Posted by Charean Williams on February 4, 2022, 5:31 PM EST

The NFL transactions report had only one insignificant listing Friday: The Cowboys signed kicker Chris Naggar.

That means Tom Brady remains on the Buccaneers’ roster, three days after announcing his retirement.

The team can place Brady on the reserve/retired list or release him depending on what the sides work out. Tony Romo, for instance, requested his release from the Cowboys, who relinquished rights to him by cutting him in 2017. That allowed Romo an easier return to the NFL if he had ever wanted to come back from retirement.

Since he has another year on his contract, Brady’s rights will remain with the Bucs if the team places him on the reserve/retired list. (His deal also calls for void years in 2023, 2024 and 2025 for salary-cap purposes.)

The Bucs owed Brady a payment of $15 million in deferred signing bonus money Friday, but he technically owes the team $16 million in signing bonus money paid to him that he didn’t earn. General Manager Jason Licht said Tuesday he was working with Brady’s representation to come to an agreement.

“That’s really a moot point,” Licht said. “We’ve been talking with Tom’s agents.
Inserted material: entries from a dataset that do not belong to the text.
(* Let $A$ be a closed densely defined operator in $\mathcal H$ and $G$ a bounded metric operator on $\mathcal H$ (with $G^{-1}$ possibly unbounded). Consider the conditions: (i) $GD(A)=D(A^* )$ and $A^*G\xi=GA\xi$ for every $\xi\in D(A)$ (in particular $A\dashv A^*$ with intertwining operator $G$); (ii) $G^{1/2}AG^{-1/2}$, with domain $G^{1/2}D(A)$, is self-adjoint in $\mathcal H$; (iii) $A$ is self-adjoint in $\mathcal H(G)$ (so $A$ is quasi-self-adjoint); (iv) $GD(A)=D(G^{-1}A^* )$ and $A^*G\xi=GA\xi$ for every $\xi\in D(A)$. Then (i) $\Rightarrow$ (ii) $\Rightarrow$ (iii) $\Rightarrow$ (iv). If moreover the range of $A^*$ is contained in $D(G^{-1})$, then (i)–(iv) are equivalent.
   Context: A metric operator on a Hilbert space $\mathcal H$ is a self-adjoint operator $G$ with $\langle G\xi,\xi\rangle>0$ for all nonzero $\xi\in D(G)$. For bounded $G$, $\mathcal H(G)$ is the completion of $\mathcal H$ in the norm $\|\xi\|_G=\|G^{1/2}\xi\|$ with inner product $\langle\xi,\eta\rangle_G=\langle G\xi,\eta\rangle$; ''$A$ self-adjoint in $\mathcal H(G)$'' means $A$, with domain $D(A)$, equals its adjoint $A^\#$ computed in $\mathcal H(G)$. A closed densely defined $A$ is called quasi-self-adjoint if there is a bounded metric operator $G$ such that $A$ is self-adjoint in $\mathcal H(G)$. $D(G^{-1}A^* )=\{\zeta\in D(A^* ): A^*\zeta\in D(G^{-1})\}$. $A\dashv B$ means there is an injective closed densely defined operator $T$ with densely defined inverse such that $D(A)\subset D(T)$, $AD(A)\subset D(T)$, $TD(A)\subset D(B)$ and $BT\xi=TA\xi$ for $\xi\in D(A)$. *)

From Stdlib Require Import Reals.
Open Scope R_scope.

Record Cx := mkCx { Cre : R; Cim : R }.
Definition C0 : Cx := mkCx 0 0.
Definition C1 : Cx := mkCx 1 0.
Definition Cadd (a b : Cx) : Cx := mkCx (Cre a + Cre b) (Cim a + Cim b).
Definition Copp (a : Cx) : Cx := mkCx (- Cre a) (- Cim a).
Definition Csub (a b : Cx) : Cx := Cadd a (Copp b).
Definition Cmul (a b : Cx) : Cx :=
  mkCx (Cre a * Cre b - Cim a * Cim b) (Cre a * Cim b + Cim a * Cre b).
Definition Cconj (a : Cx) : Cx := mkCx (Cre a) (- Cim a).
Definition Cabs (a : Cx) : R := sqrt (Cre a * Cre a + Cim a * Cim a).

(* inner product linear in the first argument, conjugate-linear in the second *)
Record HilbertSpace := {
  hcar :> Type;
  hzero : hcar;
  hadd : hcar -> hcar -> hcar;
  hopp : hcar -> hcar;
  hscal : Cx -> hcar -> hcar;
  hinner : hcar -> hcar -> Cx;
  hadd_assoc : forall x y z, hadd x (hadd y z) = hadd (hadd x y) z;
  hadd_comm : forall x y, hadd x y = hadd y x;
  hadd_zero : forall x, hadd x hzero = x;
  hadd_opp : forall x, hadd x (hopp x) = hzero;
  hscal_one : forall x, hscal C1 x = x;
  hscal_assoc : forall a b x, hscal a (hscal b x) = hscal (Cmul a b) x;
  hscal_distr_v : forall a x y, hscal a (hadd x y) = hadd (hscal a x) (hscal a y);
  hscal_distr_s : forall a b x, hscal (Cadd a b) x = hadd (hscal a x) (hscal b x);
  hinner_add_l : forall x y z, hinner (hadd x y) z = Cadd (hinner x z) (hinner y z);
  hinner_scal_l : forall a x y, hinner (hscal a x) y = Cmul a (hinner x y);
  hinner_conj : forall x y, hinner y x = Cconj (hinner x y);
  hinner_pos : forall x, 0 <= Cre (hinner x x);
  hinner_def : forall x, hinner x x = C0 -> x = hzero;
  hcomplete : forall u : nat -> hcar,
    (forall eps, 0 < eps -> exists N, forall n m, (N <= n)%nat -> (N <= m)%nat ->
        sqrt (Cre (hinner (hadd (u n) (hopp (u m))) (hadd (u n) (hopp (u m))))) < eps) ->
    exists x, forall eps, 0 < eps -> exists N, forall n, (N <= n)%nat ->
        sqrt (Cre (hinner (hadd (u n) (hopp x)) (hadd (u n) (hopp x)))) < eps
}.

Arguments hzero {_}.
Arguments hadd {_} _ _.
Arguments hopp {_} _.
Arguments hscal {_} _ _.
Arguments hinner {_} _ _.

Section HS.
Context {H : HilbertSpace}.

Definition hsub (x y : H) : H := hadd x (hopp y).
Definition hnorm (x : H) : R := sqrt (Cre (hinner x x)).

Definition conv (u : nat -> H) (x : H) : Prop :=
  forall eps, 0 < eps -> exists N, forall n, (N <= n)%nat -> hnorm (hsub (u n) x) < eps.

Definition Cconv0 (a : nat -> Cx) : Prop :=
  forall eps, 0 < eps -> exists N, forall n, (N <= n)%nat -> Cabs (a n) < eps.

Definition graph := H -> H -> Prop.

Definition is_linear_op (A : graph) : Prop :=
  A hzero hzero /\
  (forall x y x' y', A x y -> A x' y' -> A (hadd x x') (hadd y y')) /\
  (forall c x y, A x y -> A (hscal c x) (hscal c y)) /\
  (forall x y y', A x y -> A x y' -> y = y').

Definition densely_defined (A : graph) : Prop :=
  forall x eps, 0 < eps -> exists z y, A z y /\ hnorm (hsub x z) < eps.

Definition closed_op (A : graph) : Prop :=
  forall (u v : nat -> H) x y,
    (forall n, A (u n) (v n)) -> conv u x -> conv v y -> A x y.

Definition adjoint (A : graph) : graph :=
  fun z w => forall x y, A x y -> hinner y z = hinner x w.

Definition self_adjoint (A : graph) : Prop :=
  forall z w, A z w <-> adjoint A z w.

Definition bounded_linear (T : H -> H) : Prop :=
  (forall x y, T (hadd x y) = hadd (T x) (T y)) /\
  (forall c x, T (hscal c x) = hscal c (T x)) /\
  (exists M, forall x, hnorm (T x) <= M * hnorm x).

Definition bounded_selfadjoint (T : H -> H) : Prop :=
  bounded_linear T /\ (forall x y, hinner (T x) y = hinner x (T y)).

Definition bounded_metric (G : H -> H) : Prop :=
  bounded_selfadjoint G /\
  (forall x, x <> hzero -> Cim (hinner (G x) x) = 0 /\ 0 < Cre (hinner (G x) x)).

Definition pos_sqrt (G S : H -> H) : Prop :=
  bounded_selfadjoint S /\
  (forall x, Cim (hinner (S x) x) = 0 /\ 0 <= Cre (hinner (S x) x)) /\
  (forall x, S (S x) = G x).

Definition innerG (G : H -> H) (x y : H) : Cx := hinner (G x) y.
Definition gnorm (G : H -> H) (x : H) : R := sqrt (Cre (innerG G x x)).

Definition Gcauchy (G : H -> H) (u : nat -> H) : Prop :=
  forall eps, 0 < eps -> exists N, forall n m, (N <= n)%nat -> (N <= m)%nat ->
    gnorm G (hsub (u n) (u m)) < eps.

Definition Gconv (G : H -> H) (u : nat -> H) (x : H) : Prop :=
  forall eps, 0 < eps -> exists N, forall n, (N <= n)%nat -> gnorm G (hsub (u n) x) < eps.

(* For G-Cauchy sequences u, v (representing elements [u], [v] of H(G)):
   ([u],[v]) lies in the graph of the adjoint A^# of A computed in H(G), i.e.
   <A x, [u]>_G = <x, [v]>_G for all x in D(A). *)
Definition Gadjoint_seq (A : graph) (G : H -> H) (u v : nat -> H) : Prop :=
  forall x y, A x y -> Cconv0 (fun n => Csub (innerG G y (u n)) (innerG G x (v n))).

Definition self_adjoint_in_HG (A : graph) (G : H -> H) : Prop :=
  (forall x y, A x y -> Gadjoint_seq A G (fun _ => x) (fun _ => y)) /\
  (forall u v, Gcauchy G u -> Gcauchy G v -> Gadjoint_seq A G u v ->
     exists x y, A x y /\ Gconv G u x /\ Gconv G v y).

Definition cond_i (A : graph) (G : H -> H) : Prop :=
  (forall z, (exists x y, A x y /\ z = G x) <-> (exists w, adjoint A z w)) /\
  (forall x y, A x y -> adjoint A (G x) (G y)).
Lemma invS_le_ln_diff n : (0 < n)%N -> (n.+1%:R)^-1 <= ln (n.+1%:R) - ln (n%:R) :> R.
Proof.
move=> n_gt0.
have ratio : 1 + - (n.+1%:R)^-1 = n%:R / n.+1%:R :> R.
  have n_pos : 0 < n%:R :> R by rewrite ltr0n.
  by rewrite -addn1 natrD; field; lra.
have inv_lt1 : (n.+1%:R)^-1 < 1 :> R by rewrite invf_lt1 ?ltr1n ?ltr0n.
have := @le_ln1Dx R (- (n.+1%:R)^-1); rewrite ltrN2 => /(_ inv_lt1).
rewrite ratio lnM ?lnV ?posrE ?invr_gt0 ?ltr0n //.
by rewrite -lerN2 opprB opprK.
Qed.

Lemma sum_harmonic_le_ln N : (0 < N)%N -> \sum_(i < N) harmonic i <= 1 + ln (N%:R) :> R.
Proof.
elim: N => [//|[|N] IH _]; first by rewrite big_ord1 /= ln1 invr1 addr0.
rewrite big_ord_recr /= (le_trans (lerD (IH isT) (invS_le_ln_diff (ltn0Sn N)))) //.
by rewrite addrAC -addrA subrK.
Qed.

Lemma sum_subrange_le (F : nat -> R) a b c e : (forall i, 0 <= F i) ->
  (c <= a)%N -> (b <= e)%N -> \sum_(a <= i < b) F i <= \sum_(c <= i < e) F i.
Proof.
move=> F_ge0 ca be; case: (leqP b a) => [ba|ab]; first by rewrite big_geq ?sumr_ge0.
rewrite (@big_cat_nat _ _ _ a c e) ?(@big_cat_nat _ _ _ b a e) //=; last first.
- exact: leq_trans (ltnW ab) be.
- exact: ltnW.
by rewrite ler_wpDl ?ler_wpDr ?sumr_ge0.
Qed.

Lemma sum_inv_dist_le_harmonic l a N : (l < a)%N ->
  \sum_(a <= m < N.+1) ((m - l)%:R)^-1 <= \sum_(i < N) harmonic i :> R.
Proof.
move=> la; rewrite -(big_mkord xpredT).
have -> : \sum_(a <= m < N.+1) ((m - l)%:R)^-1 = \sum_(a <= m < N.+1) harmonic (m - l.+1)%N :> R.
  by apply: eq_big_nat => m /andP [am _] /=; congr (_%:R^-1); lia.
apply: le_trans (sum_subrange_le _ la (leqnn _)) _ => [i|]; first exact: harmonic_ge0.
rewrite -[X in \sum_(X <= _ < _) _]add0n big_addn.
under eq_bigr do rewrite addnK.
by apply: sum_subrange_le; [exact: harmonic_ge0 | | lia].
Qed.

End Harmonic.

Section ChainWeight.
Variable R : realType.

Definition chain_weight (P : seq nat) : R :=
  \prod_(1 <= j < (size P).+1) ((nth 0%N (0%N :: P) j - nth 0%N (0%N :: P) j.-1)%:R)^-1.

Lemma chain_weight_ge0 P : 0 <= chain_weight P.
Proof. by apply: prodr_ge0 => j _; rewrite invr_ge0. Qed.

Lemma chain_weight_rcons P m :
  chain_weight (rcons P m) = chain_weight P * ((m - last 0%N P)%:R)^-1.
Proof.
rewrite /chain_weight size_rcons big_nat_recr //= -rcons_cons; congr (_ * _).
  apply: eq_big_nat => j /andP [j1 j2].
  by rewrite !nth_rcons /= ifT ?ifT //; lia.
rewrite !nth_rcons /= ltnn eqxx ltnSn.
by have := nth_last 0%N (0%N :: P); rewrite /= => ->.
Qed.

End ChainWeight.

Lemma in_set_pred (T : Type) (b : pred T) x : (x \in [set y | b y]) = b x.
Proof. by apply/idP/idP; rewrite in_setE. Qed.

Section ChainCount.
Variables (T : Type) (R : realType) (hit : nat -> T -> bool) (N : nat).

Definition hits_all (P : seq nat) : set T := [set x | all (hit^~ x) P].

Fixpoint chain_count (k a : nat) (P : seq nat) : T -> R :=
  match k with
  | 0 => \1_(hits_all P)
  | k.+1 => fun x => \sum_(a <= m < N.+1) chain_count k m.+1 (rcons P m) x
  end.

Lemma chain_count_ge0 k a P x : 0 <= chain_count k a P x.
Proof.
by elim: k a P => [|k IH] a P /=; [rewrite indicE | apply: sumr_ge0].
Qed.

Lemma chain_countE k a P x : chain_count k a P x
  = \1_(hits_all P) x * 'C(count (hit^~ x) (index_iota a N.+1), k)%:R.
Proof.
elim: k a P => [|k IH] a P /=; first by rewrite bin0 mulr1.
rewrite -sum_binomial_count natr_sum mulr_sumr; apply: eq_bigr => m _.
rewrite IH !indicE !in_set_pred all_rcons natrM mulrA.
by case: (hit m x); rewrite /= ?mulr1 ?mulr0 ?mul0r.
Qed.

Lemma count_pow_le_chain_count p x :
  (count (hit^~ x) (iota 0 N.+1))%:R ^+ p
  <= ((2 * p) ^ p * p`!)%:R * (1 + chain_count p 1 [::] x) :> R.
Proof.
rewrite chain_countE indicE in_set_pred mul1r [1 + _]addrC natr1 -natrM -natrX ler_nat.
apply: leq_trans (expn_le_binomial _ _); case: p => [//|p].
by rewrite leq_exp2r //= /index_iota subSS subn0 leq_add2r leq_b1.
Qed.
We have a great relationship with Don Yee and Steve Dubin and we’ve been talking about that. That’s really a moot point, and we knew that if we were in this scenario that we would be able to work that out. Besides, I don’t like to talk about contracts publicly, but we’ll be able to work that out.”
 

The Tampa Bay Times's John Romano believes the Bucs could bring back free agent Jameis Winston to replace Tom Brady this offseason.​

Winston spent his first five seasons in Tampa and is likely open to returning given his ties to the Bucs. Tampa has limited cap space and would need to mortgage draft picks to bring in any of the veteran quarterbacks on the trade market. That makes Winston a potential team-friendly replacement that allows the Bucs to compete next year. Winston, who's expected to be ready for Week 1 after undergoing ACL surgery in November, is the headline of this year's free agent class after a career-high 102.8 rating and 14:3 TD/INT ratio in seven starts before landing on IR. The 28-year-old led the NFL in passing yards (5,109) in his final year with the Bucs.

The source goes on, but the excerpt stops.